Lemma payments_pay_first b sq pi x f : x \notin sq ->
  (forall s v, 0 <= f s v <= (prefers s x v)%:R) ->
  (forall v, v \in sq -> \sum_s f s v <= 1) ->
  payments (fun s => b s - \sum_v f s v) sq pi ->
  payments b (x :: sq) (pay_first x f pi).
Proof.
move=> xs f_bounds f_cap [pi_bounds pi_spent pi_cap].
have first_or_later u v : precedes (x :: sq) u v ->
    u = x /\ v \in sq \/ u != x /\ precedes sq u v.
  rewrite precedes_cons // => /orP[/andP[/eqP -> vs]|uv]; [by left | right].
  by split=> //; apply: contraTneq (precedes_mem uv) => ->.
rewrite /pay_first; split.
- move=> s u v /first_or_later[[-> _]|[/negbTE -> uv]]; rewrite ?eqxx //.
  exact: pi_bounds.
- move=> s; rewrite spent_pay_first //; have := pi_spent s.
  have : \sum_(v | v \in sq) f s v <= \sum_v f s v.
    rewrite [X in _ <= X](bigID (mem sq)) /= lerDl.
    by apply: sumr_ge0 => v _; case/andP: (f_bounds s v).
  lra.
- move=> u v /first_or_later[[-> vs]|[/negbTE -> uv]]; rewrite ?eqxx //.
    exact: f_cap.
  exact: pi_cap.
Qed.

Lemma pay_first_transport b X x p f sq pi :
  (forall s v, 0 <= f s v) -> (forall s v, ~~ prefers s x v -> f s v = 0) ->
  (forall v, \sum_s f s v = if v \in X :\ x then p else 0) -> 0 <= p -> p <= 1 ->
  sq =i X :\ x -> payments (fun s => b s - \sum_v f s v) sq pi ->
  payments b (x :: sq) (pay_first x f pi) /\
  \sum_s spent (pay_first x f pi) (x :: sq) s = p * #|X :\ x|%:R + \sum_s spent pi sq s.
Proof.
move=> f_ge0 f_pref f_paid p_ge0 p_le1 mem_sq pay.
have x_sq : x \notin sq by rewrite mem_sq !inE eqxx.
have f_le_p s v : f s v <= p.
  have : \sum_s' f s' v <= p by rewrite f_paid; case: ifP.
  by apply: le_trans; rewrite (bigD1 s) //= lerDl; exact: sumr_ge0.
split.
  apply: payments_pay_first => // [s v|v vs].
    rewrite f_ge0 /=; case: (boolP (prefers s x v)) => [_|/f_pref -> //].
    exact: le_trans (f_le_p s v) p_le1.
  by rewrite f_paid -mem_sq vs.
rewrite (eq_bigr _ (fun s _ => spent_pay_first f pi s x_sq)) big_split /=.
congr (_ + _); rewrite exchange_big (eq_bigr (fun=> p)) => [|v vs]; last first.
  by rewrite f_paid -mem_sq vs.
by rewrite sumr_const mulr_natr; congr (_ *+ _); apply: eq_card.
Qed.

(* With k other candidates, borda_winner_bound makes Hall's condition hold
   for any payment p with p * 2k <= beta; each pair is paid at most 1. *)
Definition greedy_price (k : nat) (beta : R) := Num.min 1 (beta / (k%:R * 2)).

Fixpoint greedy_total (k : nat) (beta : R) : R :=
  if k is k'.+1 then
    greedy_price k' beta * k'%:R + greedy_total k' (beta - greedy_price k' beta * k'%:R)
  else 0.

Lemma greedy_price_ge0 k beta : 0 <= beta -> 0 <= greedy_price k beta.
Proof. by move=> beta_ge0; rewrite le_min ler01 divr_ge0 // mulr_ge0. Qed.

--------------------

• Aim of the task:
Repeat only the stretch of lines that opens with the line containing "if k is k'.+1 then" and closes with the final line of the entries, both included, exactly as written.

• Answer for the task:
  if k is k'.+1 then
    greedy_price k' beta * k'%:R + greedy_total k' (beta - greedy_price k' beta * k'%:R)
  else 0.

Lemma greedy_price_ge0 k beta : 0 <= beta -> 0 <= greedy_price k beta.
Proof. by move=> beta_ge0; rewrite le_min ler01 divr_ge0 // mulr_ge0. Qed.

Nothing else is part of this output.